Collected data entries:
[Start of Attachment]

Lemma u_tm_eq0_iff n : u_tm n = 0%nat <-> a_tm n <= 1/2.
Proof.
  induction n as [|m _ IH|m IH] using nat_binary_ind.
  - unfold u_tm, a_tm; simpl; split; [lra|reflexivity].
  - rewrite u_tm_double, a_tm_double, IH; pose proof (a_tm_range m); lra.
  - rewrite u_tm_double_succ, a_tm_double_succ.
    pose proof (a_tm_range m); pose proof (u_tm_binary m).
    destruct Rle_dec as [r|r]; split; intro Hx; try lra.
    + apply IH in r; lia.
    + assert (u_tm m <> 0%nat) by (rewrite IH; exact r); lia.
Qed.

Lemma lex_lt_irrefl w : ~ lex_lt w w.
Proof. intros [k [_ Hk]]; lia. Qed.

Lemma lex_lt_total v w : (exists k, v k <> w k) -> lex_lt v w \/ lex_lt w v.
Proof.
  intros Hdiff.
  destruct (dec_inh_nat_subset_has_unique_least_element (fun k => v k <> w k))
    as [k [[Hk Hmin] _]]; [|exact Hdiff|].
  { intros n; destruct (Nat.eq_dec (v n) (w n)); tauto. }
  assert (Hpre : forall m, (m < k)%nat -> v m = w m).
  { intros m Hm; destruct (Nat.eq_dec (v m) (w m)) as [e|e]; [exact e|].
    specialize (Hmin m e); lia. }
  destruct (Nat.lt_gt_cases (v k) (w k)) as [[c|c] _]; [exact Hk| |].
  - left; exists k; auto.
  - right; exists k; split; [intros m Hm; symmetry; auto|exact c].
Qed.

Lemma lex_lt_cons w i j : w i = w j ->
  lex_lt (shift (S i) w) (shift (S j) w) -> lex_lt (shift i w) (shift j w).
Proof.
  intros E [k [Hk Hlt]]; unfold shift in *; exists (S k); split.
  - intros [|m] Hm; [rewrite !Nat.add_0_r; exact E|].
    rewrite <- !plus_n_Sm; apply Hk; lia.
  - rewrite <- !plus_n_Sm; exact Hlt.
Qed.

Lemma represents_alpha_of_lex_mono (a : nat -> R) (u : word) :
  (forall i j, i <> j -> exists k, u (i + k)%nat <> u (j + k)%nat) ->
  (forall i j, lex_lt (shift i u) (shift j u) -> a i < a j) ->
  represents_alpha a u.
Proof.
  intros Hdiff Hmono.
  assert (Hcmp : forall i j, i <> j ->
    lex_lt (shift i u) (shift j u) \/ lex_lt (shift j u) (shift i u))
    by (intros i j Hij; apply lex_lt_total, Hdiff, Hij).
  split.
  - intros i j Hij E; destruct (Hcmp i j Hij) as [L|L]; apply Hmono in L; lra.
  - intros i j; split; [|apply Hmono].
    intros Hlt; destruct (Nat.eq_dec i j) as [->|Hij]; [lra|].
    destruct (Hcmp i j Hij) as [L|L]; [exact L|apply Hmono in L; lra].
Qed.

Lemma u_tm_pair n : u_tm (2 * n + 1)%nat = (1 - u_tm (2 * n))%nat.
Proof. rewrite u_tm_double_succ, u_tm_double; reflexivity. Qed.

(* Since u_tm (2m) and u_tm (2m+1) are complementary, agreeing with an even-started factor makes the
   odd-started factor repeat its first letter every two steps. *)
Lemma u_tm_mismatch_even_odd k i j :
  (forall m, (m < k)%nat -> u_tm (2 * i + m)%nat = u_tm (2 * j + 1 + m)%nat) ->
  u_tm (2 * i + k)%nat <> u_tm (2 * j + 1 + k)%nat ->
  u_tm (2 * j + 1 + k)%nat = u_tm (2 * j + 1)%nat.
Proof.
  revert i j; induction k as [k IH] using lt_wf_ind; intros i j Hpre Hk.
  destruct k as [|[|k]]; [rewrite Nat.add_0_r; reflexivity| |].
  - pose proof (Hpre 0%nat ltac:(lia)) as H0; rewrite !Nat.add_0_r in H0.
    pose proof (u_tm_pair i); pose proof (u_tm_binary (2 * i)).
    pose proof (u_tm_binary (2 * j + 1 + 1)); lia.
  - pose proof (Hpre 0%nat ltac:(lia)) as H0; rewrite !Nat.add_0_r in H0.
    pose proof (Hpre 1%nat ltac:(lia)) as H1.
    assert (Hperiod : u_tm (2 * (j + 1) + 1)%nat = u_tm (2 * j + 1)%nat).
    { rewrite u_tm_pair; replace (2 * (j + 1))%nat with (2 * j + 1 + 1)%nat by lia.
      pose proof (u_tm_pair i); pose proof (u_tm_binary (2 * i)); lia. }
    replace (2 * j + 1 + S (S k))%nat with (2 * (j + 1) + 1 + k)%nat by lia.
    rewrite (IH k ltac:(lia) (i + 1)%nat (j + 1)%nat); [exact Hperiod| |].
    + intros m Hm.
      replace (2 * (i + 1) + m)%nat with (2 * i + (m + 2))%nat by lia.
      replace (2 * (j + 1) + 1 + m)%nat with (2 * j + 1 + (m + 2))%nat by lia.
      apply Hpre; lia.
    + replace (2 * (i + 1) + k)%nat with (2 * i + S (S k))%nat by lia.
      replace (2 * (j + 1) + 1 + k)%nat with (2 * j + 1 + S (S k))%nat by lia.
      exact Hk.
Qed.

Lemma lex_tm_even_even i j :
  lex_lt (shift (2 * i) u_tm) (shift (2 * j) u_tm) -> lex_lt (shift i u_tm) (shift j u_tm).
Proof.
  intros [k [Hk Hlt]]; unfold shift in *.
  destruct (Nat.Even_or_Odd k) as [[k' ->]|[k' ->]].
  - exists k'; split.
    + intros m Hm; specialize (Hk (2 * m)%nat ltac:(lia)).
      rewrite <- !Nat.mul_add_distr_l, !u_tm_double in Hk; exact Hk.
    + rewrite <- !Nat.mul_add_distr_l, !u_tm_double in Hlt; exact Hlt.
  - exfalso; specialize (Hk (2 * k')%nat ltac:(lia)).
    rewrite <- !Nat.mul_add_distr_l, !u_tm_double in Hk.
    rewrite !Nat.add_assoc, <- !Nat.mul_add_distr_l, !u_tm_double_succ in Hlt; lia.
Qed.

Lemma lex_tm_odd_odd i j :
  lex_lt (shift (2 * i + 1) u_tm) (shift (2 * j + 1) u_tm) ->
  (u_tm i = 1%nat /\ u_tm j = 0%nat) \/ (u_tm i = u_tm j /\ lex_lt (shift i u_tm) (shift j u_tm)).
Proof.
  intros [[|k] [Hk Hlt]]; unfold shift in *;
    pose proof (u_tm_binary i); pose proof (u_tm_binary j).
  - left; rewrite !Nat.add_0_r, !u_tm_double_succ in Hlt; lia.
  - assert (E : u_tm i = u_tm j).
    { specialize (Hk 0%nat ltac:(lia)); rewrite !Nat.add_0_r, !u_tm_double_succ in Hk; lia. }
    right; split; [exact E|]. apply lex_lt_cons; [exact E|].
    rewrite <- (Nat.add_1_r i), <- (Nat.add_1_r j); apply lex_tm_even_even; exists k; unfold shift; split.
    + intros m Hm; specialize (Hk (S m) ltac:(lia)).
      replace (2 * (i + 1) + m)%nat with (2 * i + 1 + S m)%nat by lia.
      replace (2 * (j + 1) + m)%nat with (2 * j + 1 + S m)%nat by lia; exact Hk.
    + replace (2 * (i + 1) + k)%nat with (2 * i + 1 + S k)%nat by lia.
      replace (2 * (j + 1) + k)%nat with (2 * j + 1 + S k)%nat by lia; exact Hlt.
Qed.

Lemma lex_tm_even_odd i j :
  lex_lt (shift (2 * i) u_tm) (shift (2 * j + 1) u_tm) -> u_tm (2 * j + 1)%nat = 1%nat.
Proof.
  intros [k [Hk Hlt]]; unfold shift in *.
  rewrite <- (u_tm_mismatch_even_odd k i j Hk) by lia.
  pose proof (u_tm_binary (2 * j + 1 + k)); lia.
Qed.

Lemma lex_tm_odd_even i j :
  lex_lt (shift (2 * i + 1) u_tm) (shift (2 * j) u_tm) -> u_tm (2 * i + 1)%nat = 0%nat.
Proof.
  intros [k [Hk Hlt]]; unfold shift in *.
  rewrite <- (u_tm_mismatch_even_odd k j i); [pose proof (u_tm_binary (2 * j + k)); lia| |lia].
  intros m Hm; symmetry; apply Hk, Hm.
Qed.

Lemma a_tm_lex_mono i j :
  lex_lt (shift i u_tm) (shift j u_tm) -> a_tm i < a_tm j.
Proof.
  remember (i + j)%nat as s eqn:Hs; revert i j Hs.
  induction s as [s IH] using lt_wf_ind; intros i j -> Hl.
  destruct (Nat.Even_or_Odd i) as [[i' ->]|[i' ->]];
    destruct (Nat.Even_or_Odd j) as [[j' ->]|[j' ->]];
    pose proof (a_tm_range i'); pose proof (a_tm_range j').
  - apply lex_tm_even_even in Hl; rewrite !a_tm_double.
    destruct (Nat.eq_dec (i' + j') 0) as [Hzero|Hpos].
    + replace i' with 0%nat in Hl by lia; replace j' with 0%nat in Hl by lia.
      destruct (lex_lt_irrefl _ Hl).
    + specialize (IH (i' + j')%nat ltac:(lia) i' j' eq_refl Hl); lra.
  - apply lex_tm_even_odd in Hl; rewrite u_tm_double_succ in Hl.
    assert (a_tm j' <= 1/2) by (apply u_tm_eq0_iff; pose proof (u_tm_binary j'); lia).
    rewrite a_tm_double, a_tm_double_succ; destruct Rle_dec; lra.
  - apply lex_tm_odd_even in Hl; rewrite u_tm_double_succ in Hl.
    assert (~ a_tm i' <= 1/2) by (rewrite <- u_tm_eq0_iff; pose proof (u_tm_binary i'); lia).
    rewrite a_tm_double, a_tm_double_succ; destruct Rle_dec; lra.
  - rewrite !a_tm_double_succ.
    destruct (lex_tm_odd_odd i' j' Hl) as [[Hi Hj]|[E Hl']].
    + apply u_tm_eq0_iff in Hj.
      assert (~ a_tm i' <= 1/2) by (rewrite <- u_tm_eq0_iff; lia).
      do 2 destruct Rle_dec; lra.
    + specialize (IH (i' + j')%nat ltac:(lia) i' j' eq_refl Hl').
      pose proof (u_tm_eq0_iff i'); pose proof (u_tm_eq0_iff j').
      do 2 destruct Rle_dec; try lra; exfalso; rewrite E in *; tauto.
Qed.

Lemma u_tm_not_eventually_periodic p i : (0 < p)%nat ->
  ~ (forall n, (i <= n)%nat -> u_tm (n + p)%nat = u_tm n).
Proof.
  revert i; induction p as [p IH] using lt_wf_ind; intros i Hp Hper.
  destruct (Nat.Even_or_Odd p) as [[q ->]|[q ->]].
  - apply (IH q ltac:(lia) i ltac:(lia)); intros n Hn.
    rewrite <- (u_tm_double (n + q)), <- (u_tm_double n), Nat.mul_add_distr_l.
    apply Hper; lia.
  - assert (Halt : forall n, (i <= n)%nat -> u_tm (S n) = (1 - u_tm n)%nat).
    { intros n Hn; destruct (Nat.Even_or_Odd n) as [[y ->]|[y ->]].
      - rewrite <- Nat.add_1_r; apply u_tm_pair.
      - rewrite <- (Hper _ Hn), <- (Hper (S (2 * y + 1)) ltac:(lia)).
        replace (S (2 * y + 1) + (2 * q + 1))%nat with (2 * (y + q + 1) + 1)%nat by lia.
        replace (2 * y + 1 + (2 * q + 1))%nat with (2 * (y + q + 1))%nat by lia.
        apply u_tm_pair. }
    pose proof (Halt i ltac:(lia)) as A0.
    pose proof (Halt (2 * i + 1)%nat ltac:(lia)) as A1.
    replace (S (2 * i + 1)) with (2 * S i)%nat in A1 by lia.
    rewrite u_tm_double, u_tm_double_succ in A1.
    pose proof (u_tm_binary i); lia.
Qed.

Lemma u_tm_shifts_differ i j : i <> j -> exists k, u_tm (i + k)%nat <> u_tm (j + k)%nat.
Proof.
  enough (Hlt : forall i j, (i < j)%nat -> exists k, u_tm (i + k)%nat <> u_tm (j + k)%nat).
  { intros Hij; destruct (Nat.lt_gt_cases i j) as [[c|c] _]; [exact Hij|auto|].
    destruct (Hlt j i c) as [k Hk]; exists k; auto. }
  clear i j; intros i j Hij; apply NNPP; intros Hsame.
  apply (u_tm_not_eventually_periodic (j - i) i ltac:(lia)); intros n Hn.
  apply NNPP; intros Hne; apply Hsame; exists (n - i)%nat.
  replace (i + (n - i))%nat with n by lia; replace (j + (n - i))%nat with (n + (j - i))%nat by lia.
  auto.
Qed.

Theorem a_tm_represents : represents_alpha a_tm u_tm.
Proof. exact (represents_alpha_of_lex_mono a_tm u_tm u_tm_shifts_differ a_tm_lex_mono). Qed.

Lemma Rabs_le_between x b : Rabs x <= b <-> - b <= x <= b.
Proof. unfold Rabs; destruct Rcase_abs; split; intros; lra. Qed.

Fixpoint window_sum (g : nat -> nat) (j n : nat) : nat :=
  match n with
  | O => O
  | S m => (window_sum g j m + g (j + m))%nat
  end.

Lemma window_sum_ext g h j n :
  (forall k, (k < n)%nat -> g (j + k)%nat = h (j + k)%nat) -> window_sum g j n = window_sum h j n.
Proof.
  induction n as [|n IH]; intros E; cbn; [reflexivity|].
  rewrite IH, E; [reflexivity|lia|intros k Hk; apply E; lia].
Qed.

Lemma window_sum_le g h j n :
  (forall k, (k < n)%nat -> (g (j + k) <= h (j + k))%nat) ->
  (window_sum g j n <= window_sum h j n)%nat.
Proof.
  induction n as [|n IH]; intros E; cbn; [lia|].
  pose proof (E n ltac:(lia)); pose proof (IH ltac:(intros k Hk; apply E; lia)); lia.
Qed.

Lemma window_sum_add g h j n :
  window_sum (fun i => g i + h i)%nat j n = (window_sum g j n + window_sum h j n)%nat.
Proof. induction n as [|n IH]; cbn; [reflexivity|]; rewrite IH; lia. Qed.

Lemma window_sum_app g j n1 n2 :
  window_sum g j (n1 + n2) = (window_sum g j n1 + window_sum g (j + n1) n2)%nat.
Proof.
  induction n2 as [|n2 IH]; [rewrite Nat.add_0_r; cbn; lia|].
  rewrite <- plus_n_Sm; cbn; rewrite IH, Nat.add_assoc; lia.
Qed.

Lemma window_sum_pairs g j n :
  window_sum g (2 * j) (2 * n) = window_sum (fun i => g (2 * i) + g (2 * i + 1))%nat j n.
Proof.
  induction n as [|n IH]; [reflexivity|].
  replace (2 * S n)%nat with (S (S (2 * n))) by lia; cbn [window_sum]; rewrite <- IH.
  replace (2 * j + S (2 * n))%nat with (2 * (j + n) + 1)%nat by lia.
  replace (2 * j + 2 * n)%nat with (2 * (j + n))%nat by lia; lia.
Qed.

[End of Attachment]

* Exercise brief:
An exact copy of the lines above, from the one containing "lex_lt (shift i u_tm) (shift j u_tm) ->" down to the one containing "pose proof (a_tm_range i');" and including both, is the whole answer; retype it and nothing else.

* Written answer:
  lex_lt (shift i u_tm) (shift j u_tm) -> a_tm i < a_tm j.
Proof.
  remember (i + j)%nat as s eqn:Hs; revert i j Hs.
  induction s as [s IH] using lt_wf_ind; intros i j -> Hl.
  destruct (Nat.Even_or_Odd i) as [[i' ->]|[i' ->]];
    destruct (Nat.Even_or_Odd j) as [[j' ->]|[j' ->]];
    pose proof (a_tm_range i'); pose proof (a_tm_range j').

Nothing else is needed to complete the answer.